__What the exercise asks__
For the entries below, the expected answer is the line with "Proof. by case: t", the line with "have value := @unit_vectors_block_word", and every line between them, exactly as written, and nothing more.

__Data extracted from a collection__

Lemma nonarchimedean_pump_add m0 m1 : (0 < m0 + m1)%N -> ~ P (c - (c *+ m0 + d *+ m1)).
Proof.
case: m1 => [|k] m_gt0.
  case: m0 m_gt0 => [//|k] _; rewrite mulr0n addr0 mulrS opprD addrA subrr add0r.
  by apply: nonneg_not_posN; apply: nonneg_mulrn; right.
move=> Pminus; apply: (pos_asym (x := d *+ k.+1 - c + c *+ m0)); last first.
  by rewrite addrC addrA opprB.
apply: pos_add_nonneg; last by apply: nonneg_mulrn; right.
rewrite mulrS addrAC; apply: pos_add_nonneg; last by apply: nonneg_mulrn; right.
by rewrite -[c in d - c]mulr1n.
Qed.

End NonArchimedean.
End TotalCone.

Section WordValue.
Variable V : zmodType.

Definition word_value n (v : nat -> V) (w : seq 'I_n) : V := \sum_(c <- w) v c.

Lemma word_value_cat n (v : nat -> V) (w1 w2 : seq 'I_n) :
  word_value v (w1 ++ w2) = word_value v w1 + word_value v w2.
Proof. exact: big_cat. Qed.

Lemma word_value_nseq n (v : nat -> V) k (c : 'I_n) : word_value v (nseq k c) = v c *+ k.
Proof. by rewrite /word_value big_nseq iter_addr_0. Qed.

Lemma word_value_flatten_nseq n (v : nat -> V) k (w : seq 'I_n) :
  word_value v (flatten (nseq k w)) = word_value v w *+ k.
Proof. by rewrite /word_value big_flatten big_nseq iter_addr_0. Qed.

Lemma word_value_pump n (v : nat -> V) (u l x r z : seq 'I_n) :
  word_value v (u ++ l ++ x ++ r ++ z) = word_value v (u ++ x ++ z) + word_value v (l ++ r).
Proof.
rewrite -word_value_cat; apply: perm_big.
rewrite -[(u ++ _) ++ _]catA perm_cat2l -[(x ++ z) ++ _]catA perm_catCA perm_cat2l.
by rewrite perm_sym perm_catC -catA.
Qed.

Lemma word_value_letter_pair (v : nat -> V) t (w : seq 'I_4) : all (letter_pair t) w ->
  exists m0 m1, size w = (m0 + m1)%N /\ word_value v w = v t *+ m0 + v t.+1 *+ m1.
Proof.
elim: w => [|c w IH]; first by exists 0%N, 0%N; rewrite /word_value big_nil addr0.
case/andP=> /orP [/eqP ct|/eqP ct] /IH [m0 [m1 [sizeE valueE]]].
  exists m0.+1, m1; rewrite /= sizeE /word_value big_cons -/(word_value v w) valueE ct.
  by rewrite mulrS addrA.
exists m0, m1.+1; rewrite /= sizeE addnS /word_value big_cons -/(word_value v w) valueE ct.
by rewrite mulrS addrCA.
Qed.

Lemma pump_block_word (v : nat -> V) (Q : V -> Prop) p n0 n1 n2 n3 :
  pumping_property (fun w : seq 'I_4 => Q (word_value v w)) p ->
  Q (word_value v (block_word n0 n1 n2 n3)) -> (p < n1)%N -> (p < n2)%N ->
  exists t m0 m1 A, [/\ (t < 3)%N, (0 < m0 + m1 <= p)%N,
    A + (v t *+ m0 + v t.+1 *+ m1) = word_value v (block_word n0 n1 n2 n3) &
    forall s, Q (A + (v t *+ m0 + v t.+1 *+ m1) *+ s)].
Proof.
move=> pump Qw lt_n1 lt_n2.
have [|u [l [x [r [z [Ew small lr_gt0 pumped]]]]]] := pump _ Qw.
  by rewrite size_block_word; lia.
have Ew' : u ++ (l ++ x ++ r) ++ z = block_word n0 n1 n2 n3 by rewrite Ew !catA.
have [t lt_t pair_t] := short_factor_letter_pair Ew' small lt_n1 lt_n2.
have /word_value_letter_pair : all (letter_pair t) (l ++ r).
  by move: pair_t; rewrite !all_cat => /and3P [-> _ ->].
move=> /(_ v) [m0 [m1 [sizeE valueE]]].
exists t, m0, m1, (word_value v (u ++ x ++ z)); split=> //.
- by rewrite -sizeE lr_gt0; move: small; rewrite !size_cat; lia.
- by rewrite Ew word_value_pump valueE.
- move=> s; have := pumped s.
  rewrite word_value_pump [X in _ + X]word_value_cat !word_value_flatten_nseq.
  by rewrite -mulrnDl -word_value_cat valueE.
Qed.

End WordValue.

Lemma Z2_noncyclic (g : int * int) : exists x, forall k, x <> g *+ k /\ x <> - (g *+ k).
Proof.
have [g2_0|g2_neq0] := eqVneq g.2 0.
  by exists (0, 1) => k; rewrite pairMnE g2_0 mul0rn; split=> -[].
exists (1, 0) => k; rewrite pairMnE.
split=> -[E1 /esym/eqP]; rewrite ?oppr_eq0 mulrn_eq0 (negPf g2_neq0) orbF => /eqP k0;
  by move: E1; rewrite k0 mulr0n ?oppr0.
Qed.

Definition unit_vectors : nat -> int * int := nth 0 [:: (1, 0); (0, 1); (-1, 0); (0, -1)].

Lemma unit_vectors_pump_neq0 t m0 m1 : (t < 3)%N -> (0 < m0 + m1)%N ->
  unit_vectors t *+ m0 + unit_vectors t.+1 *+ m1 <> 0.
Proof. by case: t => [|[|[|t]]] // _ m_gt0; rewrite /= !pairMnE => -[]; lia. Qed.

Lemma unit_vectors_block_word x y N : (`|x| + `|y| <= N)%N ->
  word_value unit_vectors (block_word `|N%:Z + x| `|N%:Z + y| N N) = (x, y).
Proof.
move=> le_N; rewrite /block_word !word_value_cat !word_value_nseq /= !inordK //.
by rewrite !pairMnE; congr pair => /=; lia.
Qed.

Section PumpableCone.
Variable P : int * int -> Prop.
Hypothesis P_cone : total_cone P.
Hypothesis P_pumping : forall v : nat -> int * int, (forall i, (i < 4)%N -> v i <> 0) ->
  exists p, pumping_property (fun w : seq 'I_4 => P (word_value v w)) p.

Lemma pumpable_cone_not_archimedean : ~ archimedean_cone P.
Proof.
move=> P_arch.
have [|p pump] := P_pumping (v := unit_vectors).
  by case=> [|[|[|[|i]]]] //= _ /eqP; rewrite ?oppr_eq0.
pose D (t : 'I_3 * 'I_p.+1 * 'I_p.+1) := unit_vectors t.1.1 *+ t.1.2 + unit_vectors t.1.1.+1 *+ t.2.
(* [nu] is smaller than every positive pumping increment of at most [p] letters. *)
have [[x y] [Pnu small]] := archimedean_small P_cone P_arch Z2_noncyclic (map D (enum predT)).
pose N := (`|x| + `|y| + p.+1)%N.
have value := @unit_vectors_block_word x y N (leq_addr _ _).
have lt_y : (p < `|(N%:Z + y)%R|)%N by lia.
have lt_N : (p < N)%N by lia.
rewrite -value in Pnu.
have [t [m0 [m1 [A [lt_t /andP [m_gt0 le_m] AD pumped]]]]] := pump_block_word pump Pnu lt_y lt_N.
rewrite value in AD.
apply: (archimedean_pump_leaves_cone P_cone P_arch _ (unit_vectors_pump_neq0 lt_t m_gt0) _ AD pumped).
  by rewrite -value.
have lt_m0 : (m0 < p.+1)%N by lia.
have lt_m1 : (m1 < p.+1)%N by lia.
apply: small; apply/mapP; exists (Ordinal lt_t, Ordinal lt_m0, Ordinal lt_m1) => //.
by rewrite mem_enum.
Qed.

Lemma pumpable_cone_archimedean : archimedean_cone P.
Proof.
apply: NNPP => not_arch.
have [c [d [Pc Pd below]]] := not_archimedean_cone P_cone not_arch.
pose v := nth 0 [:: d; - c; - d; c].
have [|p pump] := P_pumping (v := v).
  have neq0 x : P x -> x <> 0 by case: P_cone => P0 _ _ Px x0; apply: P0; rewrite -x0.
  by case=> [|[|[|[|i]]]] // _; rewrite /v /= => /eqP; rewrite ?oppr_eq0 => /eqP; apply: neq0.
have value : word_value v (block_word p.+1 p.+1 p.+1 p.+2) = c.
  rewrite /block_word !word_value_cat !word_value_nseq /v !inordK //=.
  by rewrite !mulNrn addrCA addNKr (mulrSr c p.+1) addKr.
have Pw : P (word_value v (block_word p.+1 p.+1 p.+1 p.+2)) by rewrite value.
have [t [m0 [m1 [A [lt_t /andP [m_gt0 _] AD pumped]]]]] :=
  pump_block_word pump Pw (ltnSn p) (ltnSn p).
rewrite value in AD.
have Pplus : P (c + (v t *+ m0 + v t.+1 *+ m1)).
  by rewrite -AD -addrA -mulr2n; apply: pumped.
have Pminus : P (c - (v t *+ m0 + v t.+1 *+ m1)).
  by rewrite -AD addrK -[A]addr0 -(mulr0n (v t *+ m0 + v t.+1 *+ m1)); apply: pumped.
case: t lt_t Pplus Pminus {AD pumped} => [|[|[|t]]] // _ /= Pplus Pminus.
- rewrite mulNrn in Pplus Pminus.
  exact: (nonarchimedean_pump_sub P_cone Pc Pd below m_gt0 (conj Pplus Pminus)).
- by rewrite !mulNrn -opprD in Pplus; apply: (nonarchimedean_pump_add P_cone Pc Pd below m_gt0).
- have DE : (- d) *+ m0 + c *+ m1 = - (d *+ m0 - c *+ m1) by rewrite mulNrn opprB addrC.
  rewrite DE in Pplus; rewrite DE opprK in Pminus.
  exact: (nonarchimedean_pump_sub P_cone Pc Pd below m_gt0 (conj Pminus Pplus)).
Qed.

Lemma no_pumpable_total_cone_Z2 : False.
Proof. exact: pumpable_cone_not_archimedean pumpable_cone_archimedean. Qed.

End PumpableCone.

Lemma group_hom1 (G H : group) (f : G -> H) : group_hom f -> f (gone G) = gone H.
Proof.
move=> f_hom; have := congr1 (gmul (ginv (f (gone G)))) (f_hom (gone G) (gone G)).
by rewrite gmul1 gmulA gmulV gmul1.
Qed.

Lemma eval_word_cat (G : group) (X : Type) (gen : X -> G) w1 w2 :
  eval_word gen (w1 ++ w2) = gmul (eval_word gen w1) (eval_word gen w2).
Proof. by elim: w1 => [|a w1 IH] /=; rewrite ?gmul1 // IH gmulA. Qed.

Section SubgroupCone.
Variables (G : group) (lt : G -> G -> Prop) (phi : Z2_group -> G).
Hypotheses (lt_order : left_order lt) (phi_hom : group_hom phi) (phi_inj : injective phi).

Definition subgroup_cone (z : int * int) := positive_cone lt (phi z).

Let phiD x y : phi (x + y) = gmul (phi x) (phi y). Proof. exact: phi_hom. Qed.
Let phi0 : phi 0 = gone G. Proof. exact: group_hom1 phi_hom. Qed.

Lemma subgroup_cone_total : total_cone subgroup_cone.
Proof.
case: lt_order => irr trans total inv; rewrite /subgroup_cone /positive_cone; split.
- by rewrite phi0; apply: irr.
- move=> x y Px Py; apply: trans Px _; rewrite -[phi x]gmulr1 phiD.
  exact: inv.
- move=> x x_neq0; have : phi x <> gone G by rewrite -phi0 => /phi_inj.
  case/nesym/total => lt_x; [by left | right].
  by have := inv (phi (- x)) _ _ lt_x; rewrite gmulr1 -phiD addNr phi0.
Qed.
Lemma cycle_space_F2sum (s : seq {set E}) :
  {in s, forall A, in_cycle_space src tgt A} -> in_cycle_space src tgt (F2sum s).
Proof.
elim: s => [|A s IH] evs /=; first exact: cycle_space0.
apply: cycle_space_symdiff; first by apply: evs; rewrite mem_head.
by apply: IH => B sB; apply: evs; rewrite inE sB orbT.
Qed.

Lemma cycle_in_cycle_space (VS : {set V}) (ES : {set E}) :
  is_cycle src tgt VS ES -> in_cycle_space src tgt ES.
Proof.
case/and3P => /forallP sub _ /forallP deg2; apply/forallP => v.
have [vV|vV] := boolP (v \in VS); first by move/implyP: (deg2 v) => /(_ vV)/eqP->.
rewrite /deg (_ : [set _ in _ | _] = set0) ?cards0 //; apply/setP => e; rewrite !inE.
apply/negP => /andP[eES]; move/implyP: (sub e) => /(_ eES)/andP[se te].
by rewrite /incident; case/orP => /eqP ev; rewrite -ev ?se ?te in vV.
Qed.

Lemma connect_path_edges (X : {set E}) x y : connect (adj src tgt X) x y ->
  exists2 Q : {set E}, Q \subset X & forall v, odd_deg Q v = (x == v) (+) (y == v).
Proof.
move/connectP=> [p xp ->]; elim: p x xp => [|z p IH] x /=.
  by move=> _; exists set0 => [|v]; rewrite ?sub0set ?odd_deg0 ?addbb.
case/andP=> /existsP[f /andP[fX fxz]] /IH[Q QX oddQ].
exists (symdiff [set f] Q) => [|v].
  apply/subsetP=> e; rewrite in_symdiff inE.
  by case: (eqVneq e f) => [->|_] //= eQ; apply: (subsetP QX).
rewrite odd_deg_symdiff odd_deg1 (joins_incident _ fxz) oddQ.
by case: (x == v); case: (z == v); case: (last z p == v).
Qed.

__Result of this task__
Proof. by case: t => [|[|[|t]]] // _ m_gt0; rewrite /= !pairMnE => -[]; lia. Qed.

Lemma unit_vectors_block_word x y N : (`|x| + `|y| <= N)%N ->
  word_value unit_vectors (block_word `|N%:Z + x| `|N%:Z + y| N N) = (x, y).
Proof.
move=> le_N; rewrite /block_word !word_value_cat !word_value_nseq /= !inordK //.
by rewrite !pairMnE; congr pair => /=; lia.
Qed.

Section PumpableCone.
Variable P : int * int -> Prop.
Hypothesis P_cone : total_cone P.
Hypothesis P_pumping : forall v : nat -> int * int, (forall i, (i < 4)%N -> v i <> 0) ->
  exists p, pumping_property (fun w : seq 'I_4 => P (word_value v w)) p.

Lemma pumpable_cone_not_archimedean : ~ archimedean_cone P.
Proof.
move=> P_arch.
have [|p pump] := P_pumping (v := unit_vectors).
  by case=> [|[|[|[|i]]]] //= _ /eqP; rewrite ?oppr_eq0.
pose D (t : 'I_3 * 'I_p.+1 * 'I_p.+1) := unit_vectors t.1.1 *+ t.1.2 + unit_vectors t.1.1.+1 *+ t.2.
(* [nu] is smaller than every positive pumping increment of at most [p] letters. *)
have [[x y] [Pnu small]] := archimedean_small P_cone P_arch Z2_noncyclic (map D (enum predT)).
pose N := (`|x| + `|y| + p.+1)%N.
have value := @unit_vectors_block_word x y N (leq_addr _ _).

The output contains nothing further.